_AIM OF THE EXERCISE_
For the entries below, repeat exactly each line starting with the one that contains "csum (fun x" and going on through the one that contains "(forall u, DL u -> L u = S (S u)).", and no others.

_GIVEN DATA_
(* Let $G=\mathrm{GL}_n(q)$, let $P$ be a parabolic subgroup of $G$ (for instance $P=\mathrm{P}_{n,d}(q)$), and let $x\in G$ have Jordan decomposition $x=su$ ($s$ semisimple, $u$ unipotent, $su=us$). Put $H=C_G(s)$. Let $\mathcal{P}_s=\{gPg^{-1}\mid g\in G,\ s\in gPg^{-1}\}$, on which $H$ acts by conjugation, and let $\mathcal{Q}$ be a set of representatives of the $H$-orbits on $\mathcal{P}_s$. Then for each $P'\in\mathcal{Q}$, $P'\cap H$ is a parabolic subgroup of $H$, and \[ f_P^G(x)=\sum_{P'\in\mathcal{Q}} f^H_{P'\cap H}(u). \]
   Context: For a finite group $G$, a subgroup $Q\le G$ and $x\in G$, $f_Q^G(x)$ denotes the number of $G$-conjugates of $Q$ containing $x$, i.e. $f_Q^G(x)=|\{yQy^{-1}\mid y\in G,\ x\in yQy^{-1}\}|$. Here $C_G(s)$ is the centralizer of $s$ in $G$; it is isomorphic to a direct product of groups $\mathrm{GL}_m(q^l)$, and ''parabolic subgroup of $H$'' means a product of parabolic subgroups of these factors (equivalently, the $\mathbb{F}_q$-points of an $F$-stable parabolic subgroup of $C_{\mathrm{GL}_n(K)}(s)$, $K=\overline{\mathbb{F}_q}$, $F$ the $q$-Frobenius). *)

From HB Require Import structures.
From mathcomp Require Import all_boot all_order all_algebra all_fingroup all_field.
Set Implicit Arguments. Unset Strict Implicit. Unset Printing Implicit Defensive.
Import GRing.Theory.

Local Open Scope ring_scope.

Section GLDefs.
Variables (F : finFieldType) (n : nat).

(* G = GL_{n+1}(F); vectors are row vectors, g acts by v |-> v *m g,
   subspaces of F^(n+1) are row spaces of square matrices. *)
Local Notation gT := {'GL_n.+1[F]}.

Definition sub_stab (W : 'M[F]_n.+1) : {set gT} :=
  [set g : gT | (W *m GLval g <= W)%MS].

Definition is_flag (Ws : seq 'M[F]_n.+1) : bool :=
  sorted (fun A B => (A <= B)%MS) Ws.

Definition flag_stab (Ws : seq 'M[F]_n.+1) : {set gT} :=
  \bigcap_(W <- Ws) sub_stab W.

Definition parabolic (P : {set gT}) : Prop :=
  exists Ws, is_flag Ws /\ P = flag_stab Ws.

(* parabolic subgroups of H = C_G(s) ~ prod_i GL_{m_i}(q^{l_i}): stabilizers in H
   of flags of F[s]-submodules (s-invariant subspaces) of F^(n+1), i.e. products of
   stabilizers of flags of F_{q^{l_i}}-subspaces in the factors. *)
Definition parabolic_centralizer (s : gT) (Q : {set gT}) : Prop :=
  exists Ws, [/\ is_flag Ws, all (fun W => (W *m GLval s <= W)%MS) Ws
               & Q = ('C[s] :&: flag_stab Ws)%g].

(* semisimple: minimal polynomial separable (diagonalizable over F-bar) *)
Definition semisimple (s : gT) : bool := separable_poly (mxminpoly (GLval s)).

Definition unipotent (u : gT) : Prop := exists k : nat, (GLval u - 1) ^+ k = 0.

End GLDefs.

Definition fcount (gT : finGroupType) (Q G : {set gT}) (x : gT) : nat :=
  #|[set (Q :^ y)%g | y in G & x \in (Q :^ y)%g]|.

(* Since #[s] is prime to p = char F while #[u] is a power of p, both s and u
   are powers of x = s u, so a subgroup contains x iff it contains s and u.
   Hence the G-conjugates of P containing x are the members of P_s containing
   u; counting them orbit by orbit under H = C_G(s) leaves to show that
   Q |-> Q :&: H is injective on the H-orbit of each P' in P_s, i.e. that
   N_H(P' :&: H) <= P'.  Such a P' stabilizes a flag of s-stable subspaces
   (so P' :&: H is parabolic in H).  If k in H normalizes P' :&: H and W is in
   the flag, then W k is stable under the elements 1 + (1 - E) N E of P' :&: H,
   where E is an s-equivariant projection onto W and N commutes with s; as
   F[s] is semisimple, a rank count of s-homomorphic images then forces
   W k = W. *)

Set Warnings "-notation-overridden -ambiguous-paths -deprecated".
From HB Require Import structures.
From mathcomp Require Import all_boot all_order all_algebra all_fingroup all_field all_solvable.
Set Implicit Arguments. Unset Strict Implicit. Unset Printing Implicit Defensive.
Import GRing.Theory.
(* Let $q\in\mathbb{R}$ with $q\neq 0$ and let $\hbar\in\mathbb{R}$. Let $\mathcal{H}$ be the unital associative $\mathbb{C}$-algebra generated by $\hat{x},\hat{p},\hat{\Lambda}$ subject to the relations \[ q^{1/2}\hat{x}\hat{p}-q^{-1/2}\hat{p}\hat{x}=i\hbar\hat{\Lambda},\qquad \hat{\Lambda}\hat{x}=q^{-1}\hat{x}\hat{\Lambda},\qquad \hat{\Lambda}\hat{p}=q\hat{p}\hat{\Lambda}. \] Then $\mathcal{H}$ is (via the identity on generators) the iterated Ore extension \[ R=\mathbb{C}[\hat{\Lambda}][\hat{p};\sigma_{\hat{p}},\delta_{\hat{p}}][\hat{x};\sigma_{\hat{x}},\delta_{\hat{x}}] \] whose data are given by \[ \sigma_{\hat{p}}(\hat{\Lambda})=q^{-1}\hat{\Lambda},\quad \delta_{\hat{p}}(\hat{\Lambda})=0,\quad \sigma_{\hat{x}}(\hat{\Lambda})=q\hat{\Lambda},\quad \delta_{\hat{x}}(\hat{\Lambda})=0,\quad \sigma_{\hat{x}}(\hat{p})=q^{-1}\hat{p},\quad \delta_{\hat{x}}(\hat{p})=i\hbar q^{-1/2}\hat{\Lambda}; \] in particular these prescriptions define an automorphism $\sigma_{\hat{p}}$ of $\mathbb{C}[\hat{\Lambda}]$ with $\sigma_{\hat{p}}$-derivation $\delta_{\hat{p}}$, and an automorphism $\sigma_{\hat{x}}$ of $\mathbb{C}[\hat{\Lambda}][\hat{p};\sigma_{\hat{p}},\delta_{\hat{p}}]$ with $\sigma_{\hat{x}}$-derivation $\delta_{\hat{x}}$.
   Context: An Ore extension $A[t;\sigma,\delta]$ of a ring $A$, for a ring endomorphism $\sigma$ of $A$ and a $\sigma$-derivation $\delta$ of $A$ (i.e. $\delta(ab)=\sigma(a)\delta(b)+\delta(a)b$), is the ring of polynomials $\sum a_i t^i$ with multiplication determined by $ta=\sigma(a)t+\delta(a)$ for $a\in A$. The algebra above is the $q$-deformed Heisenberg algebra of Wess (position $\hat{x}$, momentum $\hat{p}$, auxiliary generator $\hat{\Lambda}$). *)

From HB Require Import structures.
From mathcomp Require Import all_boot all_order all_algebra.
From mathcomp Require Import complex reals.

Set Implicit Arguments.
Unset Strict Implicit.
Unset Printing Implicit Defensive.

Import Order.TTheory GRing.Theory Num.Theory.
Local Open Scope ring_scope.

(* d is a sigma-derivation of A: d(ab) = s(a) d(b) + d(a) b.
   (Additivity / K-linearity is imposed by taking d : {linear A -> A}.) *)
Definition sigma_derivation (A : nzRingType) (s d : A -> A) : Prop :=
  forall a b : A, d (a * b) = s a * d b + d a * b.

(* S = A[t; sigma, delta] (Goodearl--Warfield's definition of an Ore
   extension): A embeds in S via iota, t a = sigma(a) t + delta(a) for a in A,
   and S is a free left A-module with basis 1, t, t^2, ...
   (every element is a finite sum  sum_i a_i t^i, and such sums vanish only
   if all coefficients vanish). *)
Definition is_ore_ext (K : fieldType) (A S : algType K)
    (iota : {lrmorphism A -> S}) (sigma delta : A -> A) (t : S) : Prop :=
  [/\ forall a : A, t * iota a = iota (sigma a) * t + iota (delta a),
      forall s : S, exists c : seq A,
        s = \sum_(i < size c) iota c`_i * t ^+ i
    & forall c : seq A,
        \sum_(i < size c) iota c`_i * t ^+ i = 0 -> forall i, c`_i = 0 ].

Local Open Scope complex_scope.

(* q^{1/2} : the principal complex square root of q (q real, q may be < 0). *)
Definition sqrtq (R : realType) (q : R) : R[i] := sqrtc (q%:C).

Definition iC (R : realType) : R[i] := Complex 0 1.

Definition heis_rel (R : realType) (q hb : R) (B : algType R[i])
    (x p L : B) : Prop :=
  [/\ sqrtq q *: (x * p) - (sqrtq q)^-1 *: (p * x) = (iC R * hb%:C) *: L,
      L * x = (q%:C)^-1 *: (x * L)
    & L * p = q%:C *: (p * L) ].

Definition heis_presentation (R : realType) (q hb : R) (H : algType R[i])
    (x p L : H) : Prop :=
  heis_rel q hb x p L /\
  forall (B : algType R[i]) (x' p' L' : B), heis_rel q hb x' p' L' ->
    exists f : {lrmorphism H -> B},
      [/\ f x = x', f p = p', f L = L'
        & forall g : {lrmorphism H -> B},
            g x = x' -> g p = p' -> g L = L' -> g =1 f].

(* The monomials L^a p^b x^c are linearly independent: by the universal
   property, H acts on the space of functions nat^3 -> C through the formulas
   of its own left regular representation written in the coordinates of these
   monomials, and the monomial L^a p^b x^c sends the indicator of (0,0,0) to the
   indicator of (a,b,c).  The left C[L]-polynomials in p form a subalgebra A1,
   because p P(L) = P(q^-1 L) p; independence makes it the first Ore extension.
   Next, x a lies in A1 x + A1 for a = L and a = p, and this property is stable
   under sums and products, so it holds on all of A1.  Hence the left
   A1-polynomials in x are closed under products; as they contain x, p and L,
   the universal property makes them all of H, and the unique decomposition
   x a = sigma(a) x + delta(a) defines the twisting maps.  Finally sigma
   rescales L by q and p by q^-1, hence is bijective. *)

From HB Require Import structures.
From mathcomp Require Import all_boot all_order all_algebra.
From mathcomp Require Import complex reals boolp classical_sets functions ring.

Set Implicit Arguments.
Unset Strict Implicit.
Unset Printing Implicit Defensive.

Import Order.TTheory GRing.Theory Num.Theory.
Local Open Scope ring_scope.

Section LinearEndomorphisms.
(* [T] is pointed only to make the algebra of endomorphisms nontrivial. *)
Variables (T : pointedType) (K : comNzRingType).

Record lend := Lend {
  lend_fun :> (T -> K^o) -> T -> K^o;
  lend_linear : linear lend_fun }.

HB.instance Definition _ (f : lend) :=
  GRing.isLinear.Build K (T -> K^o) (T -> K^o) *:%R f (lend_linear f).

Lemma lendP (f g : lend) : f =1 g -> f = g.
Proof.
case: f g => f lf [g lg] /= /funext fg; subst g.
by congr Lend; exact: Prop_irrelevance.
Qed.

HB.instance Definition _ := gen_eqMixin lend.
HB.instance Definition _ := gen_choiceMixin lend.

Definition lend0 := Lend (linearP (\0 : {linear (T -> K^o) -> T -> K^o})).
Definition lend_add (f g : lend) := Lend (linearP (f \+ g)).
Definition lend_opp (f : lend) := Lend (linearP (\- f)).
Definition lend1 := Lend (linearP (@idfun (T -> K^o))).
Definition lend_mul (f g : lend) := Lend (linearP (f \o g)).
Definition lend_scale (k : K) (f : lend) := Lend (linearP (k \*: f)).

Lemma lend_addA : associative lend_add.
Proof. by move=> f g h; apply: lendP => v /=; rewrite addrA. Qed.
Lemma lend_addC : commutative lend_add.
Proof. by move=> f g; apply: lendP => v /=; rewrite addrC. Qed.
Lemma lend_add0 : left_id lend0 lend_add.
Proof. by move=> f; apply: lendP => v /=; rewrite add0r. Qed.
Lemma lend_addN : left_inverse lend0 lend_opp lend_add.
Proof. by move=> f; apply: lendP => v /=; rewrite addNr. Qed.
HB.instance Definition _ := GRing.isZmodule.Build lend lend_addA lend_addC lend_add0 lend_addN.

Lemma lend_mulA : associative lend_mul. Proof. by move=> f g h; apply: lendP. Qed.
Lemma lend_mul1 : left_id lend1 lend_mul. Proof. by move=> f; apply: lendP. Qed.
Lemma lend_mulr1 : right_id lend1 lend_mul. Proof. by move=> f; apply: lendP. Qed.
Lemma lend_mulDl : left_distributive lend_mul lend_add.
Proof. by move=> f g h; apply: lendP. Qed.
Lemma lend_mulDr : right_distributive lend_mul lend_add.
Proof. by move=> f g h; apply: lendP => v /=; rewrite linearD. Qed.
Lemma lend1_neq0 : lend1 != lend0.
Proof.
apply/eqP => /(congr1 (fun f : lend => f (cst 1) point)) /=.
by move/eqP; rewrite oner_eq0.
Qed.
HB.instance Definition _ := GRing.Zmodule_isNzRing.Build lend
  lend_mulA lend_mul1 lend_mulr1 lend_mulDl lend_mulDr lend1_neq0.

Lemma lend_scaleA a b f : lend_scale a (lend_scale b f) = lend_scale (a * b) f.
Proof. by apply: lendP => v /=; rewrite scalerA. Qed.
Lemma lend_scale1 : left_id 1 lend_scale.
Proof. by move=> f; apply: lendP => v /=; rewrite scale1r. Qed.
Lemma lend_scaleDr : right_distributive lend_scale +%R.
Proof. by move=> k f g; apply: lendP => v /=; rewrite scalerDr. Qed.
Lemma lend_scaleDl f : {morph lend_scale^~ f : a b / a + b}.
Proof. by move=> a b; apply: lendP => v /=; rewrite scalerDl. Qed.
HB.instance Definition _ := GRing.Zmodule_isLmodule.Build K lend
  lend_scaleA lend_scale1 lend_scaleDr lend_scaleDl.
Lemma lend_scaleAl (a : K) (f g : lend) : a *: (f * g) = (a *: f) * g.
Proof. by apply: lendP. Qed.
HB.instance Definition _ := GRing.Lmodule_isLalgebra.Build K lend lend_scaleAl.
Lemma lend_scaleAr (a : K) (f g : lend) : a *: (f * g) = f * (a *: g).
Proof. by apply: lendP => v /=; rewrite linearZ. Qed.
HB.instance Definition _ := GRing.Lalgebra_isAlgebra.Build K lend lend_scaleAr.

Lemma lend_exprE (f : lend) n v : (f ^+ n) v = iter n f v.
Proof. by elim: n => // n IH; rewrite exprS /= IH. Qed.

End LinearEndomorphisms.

---

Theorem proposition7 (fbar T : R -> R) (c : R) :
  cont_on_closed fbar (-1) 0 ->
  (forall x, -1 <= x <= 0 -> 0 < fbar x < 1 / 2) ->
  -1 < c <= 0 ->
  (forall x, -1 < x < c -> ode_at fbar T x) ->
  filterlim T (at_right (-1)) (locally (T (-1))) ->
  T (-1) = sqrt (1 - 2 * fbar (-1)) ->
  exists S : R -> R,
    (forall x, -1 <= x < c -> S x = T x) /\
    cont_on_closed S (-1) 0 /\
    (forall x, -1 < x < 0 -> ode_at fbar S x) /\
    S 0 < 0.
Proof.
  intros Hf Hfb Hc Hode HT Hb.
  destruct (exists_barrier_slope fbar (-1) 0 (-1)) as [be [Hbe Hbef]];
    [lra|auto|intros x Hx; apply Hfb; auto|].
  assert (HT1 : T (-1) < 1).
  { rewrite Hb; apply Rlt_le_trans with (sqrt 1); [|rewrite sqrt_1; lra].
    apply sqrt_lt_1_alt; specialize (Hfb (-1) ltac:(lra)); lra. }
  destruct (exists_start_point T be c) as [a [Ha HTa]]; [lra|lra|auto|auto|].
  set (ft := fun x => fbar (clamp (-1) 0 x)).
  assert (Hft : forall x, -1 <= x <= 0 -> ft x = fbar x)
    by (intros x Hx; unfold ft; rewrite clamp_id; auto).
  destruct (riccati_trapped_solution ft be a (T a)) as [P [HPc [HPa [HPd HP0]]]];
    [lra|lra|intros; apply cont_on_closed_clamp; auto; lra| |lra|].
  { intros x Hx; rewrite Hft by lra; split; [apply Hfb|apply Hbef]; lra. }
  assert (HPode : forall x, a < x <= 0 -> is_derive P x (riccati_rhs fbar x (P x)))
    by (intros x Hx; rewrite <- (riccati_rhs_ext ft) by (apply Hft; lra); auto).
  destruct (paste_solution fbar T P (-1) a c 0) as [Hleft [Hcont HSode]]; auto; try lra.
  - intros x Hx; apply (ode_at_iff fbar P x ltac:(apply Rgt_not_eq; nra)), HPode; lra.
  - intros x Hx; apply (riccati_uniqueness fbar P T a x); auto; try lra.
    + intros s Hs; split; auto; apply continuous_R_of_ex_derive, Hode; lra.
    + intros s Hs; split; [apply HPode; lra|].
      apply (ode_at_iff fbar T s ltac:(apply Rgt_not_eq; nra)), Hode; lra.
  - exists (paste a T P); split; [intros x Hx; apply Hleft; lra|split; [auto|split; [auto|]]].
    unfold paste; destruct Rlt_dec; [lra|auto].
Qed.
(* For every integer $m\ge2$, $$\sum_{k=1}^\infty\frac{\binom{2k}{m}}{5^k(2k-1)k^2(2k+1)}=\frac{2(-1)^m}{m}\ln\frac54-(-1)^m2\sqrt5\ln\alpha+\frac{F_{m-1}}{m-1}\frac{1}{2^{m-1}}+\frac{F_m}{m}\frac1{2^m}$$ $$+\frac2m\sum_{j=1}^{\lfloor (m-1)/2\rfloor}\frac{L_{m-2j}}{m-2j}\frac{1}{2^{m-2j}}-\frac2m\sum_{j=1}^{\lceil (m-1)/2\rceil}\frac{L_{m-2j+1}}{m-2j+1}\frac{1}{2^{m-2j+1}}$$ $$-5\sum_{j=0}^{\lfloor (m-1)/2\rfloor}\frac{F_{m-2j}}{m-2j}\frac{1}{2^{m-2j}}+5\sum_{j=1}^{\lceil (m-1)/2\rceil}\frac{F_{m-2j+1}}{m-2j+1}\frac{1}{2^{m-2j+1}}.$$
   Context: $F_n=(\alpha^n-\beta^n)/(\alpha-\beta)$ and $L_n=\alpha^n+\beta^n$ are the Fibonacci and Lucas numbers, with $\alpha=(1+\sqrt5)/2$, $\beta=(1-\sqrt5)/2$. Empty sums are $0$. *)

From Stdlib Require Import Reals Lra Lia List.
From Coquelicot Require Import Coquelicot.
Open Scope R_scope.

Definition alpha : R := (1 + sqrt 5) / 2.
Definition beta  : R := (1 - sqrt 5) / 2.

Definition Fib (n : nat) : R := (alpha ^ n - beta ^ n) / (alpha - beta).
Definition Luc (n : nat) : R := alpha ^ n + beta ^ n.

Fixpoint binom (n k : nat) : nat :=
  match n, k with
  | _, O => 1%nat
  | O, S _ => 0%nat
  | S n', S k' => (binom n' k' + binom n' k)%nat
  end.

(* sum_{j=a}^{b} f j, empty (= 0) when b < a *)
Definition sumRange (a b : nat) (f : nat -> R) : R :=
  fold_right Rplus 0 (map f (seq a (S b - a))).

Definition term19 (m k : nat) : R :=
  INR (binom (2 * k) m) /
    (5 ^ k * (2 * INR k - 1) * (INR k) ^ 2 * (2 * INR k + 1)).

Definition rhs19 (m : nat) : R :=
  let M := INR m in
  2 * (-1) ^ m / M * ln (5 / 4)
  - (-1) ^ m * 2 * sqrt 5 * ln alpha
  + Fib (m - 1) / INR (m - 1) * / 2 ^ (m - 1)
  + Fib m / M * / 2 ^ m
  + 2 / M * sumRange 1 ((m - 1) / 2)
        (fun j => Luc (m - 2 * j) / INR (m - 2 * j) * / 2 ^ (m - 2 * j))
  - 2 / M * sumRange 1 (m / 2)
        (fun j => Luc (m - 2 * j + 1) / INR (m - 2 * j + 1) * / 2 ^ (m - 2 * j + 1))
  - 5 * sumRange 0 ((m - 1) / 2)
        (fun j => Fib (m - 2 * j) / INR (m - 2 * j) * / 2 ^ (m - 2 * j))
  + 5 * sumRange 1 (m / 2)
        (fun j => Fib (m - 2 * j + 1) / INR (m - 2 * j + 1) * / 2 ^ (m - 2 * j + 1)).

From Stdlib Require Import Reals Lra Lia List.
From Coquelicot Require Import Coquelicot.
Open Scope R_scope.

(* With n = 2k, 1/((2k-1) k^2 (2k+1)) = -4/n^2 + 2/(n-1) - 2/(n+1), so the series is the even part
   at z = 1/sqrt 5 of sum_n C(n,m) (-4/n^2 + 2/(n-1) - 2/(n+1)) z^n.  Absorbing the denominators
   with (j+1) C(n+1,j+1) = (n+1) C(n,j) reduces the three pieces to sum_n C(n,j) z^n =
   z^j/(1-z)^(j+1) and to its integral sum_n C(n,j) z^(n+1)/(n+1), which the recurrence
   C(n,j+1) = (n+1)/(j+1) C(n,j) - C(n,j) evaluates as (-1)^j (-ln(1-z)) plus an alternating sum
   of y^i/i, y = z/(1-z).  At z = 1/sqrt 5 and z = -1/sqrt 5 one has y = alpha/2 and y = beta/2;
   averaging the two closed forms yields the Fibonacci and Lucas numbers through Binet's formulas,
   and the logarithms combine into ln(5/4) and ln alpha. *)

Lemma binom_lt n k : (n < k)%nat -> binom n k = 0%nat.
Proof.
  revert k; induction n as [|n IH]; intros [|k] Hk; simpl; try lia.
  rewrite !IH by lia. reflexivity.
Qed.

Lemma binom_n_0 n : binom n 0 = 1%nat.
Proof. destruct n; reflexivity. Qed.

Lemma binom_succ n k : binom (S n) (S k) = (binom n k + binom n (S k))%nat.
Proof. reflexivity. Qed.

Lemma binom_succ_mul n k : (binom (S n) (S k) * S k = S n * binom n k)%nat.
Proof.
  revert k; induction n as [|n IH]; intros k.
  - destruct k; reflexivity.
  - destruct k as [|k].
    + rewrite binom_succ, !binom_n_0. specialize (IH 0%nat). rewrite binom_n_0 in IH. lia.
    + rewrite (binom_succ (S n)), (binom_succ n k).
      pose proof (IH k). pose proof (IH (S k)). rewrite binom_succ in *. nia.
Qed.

==

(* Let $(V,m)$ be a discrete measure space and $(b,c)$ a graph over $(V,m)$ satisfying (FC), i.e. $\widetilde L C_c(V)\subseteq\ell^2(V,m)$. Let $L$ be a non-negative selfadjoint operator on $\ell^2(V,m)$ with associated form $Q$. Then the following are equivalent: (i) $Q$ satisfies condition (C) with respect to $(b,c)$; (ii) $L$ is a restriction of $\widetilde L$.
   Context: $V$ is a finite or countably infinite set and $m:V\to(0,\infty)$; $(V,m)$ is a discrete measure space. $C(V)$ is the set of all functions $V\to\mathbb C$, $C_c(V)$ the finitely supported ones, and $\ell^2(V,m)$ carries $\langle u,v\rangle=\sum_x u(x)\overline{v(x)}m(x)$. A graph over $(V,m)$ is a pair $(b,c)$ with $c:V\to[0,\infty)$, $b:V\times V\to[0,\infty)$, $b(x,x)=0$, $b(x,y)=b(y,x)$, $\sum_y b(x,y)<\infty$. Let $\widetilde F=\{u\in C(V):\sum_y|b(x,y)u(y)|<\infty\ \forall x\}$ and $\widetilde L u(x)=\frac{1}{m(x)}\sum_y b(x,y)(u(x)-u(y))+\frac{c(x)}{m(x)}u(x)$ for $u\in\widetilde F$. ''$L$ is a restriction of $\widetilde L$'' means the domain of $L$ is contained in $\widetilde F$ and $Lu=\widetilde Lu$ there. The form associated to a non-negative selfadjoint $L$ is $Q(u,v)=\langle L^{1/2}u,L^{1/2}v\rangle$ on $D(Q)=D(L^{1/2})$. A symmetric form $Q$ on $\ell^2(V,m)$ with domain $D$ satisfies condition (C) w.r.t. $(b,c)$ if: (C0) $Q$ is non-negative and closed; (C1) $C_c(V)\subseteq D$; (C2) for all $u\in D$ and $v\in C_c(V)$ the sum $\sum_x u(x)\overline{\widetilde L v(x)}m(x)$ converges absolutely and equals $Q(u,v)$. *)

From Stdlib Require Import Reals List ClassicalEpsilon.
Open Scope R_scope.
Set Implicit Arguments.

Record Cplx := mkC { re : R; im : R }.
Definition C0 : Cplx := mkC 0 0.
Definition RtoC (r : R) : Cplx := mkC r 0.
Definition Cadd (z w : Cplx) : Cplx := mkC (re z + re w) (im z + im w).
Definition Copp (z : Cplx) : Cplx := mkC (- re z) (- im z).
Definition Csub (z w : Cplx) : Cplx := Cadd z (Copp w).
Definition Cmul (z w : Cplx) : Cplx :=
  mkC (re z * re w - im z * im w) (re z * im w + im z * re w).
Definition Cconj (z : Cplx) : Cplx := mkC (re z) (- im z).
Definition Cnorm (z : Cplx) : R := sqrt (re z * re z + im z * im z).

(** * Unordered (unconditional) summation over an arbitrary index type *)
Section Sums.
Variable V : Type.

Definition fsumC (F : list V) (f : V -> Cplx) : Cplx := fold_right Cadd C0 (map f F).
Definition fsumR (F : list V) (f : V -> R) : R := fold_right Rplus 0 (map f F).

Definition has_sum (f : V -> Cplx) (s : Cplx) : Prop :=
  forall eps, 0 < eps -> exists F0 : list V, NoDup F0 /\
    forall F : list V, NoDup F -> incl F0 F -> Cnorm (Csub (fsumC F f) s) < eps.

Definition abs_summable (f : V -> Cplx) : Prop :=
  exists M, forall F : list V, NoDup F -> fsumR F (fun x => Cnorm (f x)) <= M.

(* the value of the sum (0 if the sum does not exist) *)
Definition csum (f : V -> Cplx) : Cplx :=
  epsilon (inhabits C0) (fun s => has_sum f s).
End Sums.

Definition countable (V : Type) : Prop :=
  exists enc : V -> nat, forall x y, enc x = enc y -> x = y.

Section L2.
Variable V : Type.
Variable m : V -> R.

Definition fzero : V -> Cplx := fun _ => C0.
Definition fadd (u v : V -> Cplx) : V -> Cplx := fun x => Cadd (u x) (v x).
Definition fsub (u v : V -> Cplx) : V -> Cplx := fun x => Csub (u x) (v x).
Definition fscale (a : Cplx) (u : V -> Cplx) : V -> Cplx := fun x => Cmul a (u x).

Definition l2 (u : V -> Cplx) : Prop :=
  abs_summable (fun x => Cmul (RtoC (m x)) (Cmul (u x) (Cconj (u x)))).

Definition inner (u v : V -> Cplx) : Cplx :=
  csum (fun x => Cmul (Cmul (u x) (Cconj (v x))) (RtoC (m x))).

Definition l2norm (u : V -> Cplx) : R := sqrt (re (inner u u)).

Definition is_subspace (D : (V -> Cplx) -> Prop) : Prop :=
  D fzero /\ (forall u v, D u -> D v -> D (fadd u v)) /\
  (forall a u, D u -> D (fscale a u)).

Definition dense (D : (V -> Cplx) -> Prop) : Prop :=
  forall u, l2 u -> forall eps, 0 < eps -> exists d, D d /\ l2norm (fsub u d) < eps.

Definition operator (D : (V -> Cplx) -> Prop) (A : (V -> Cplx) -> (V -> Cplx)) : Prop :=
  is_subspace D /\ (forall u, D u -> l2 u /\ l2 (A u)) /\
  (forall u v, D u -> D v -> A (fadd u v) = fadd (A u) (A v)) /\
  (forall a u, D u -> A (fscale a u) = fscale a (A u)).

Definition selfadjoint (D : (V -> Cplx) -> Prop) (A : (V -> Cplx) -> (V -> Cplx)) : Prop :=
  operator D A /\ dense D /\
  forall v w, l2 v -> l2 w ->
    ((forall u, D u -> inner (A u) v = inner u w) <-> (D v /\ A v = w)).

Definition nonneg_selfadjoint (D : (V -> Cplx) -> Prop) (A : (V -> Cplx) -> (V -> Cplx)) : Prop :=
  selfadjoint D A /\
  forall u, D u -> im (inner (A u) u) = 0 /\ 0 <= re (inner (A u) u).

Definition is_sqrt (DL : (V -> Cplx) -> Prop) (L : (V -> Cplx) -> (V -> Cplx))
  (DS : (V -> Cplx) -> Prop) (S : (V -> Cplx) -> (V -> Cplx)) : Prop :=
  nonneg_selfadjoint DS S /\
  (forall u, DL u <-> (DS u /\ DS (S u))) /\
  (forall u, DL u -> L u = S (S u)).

_RESPONSE AREA_
  csum (fun x => Cmul (Cmul (u x) (Cconj (v x))) (RtoC (m x))).

Definition l2norm (u : V -> Cplx) : R := sqrt (re (inner u u)).

Definition is_subspace (D : (V -> Cplx) -> Prop) : Prop :=
  D fzero /\ (forall u v, D u -> D v -> D (fadd u v)) /\
  (forall a u, D u -> D (fscale a u)).

Definition dense (D : (V -> Cplx) -> Prop) : Prop :=
  forall u, l2 u -> forall eps, 0 < eps -> exists d, D d /\ l2norm (fsub u d) < eps.

Definition operator (D : (V -> Cplx) -> Prop) (A : (V -> Cplx) -> (V -> Cplx)) : Prop :=
  is_subspace D /\ (forall u, D u -> l2 u /\ l2 (A u)) /\
  (forall u v, D u -> D v -> A (fadd u v) = fadd (A u) (A v)) /\
  (forall a u, D u -> A (fscale a u) = fscale a (A u)).

Definition selfadjoint (D : (V -> Cplx) -> Prop) (A : (V -> Cplx) -> (V -> Cplx)) : Prop :=
  operator D A /\ dense D /\
  forall v w, l2 v -> l2 w ->
    ((forall u, D u -> inner (A u) v = inner u w) <-> (D v /\ A v = w)).

Definition nonneg_selfadjoint (D : (V -> Cplx) -> Prop) (A : (V -> Cplx) -> (V -> Cplx)) : Prop :=
  selfadjoint D A /\
  forall u, D u -> im (inner (A u) u) = 0 /\ 0 <= re (inner (A u) u).

Definition is_sqrt (DL : (V -> Cplx) -> Prop) (L : (V -> Cplx) -> (V -> Cplx))
  (DS : (V -> Cplx) -> Prop) (S : (V -> Cplx) -> (V -> Cplx)) : Prop :=
  nonneg_selfadjoint DS S /\
  (forall u, DL u <-> (DS u /\ DS (S u))) /\
  (forall u, DL u -> L u = S (S u)).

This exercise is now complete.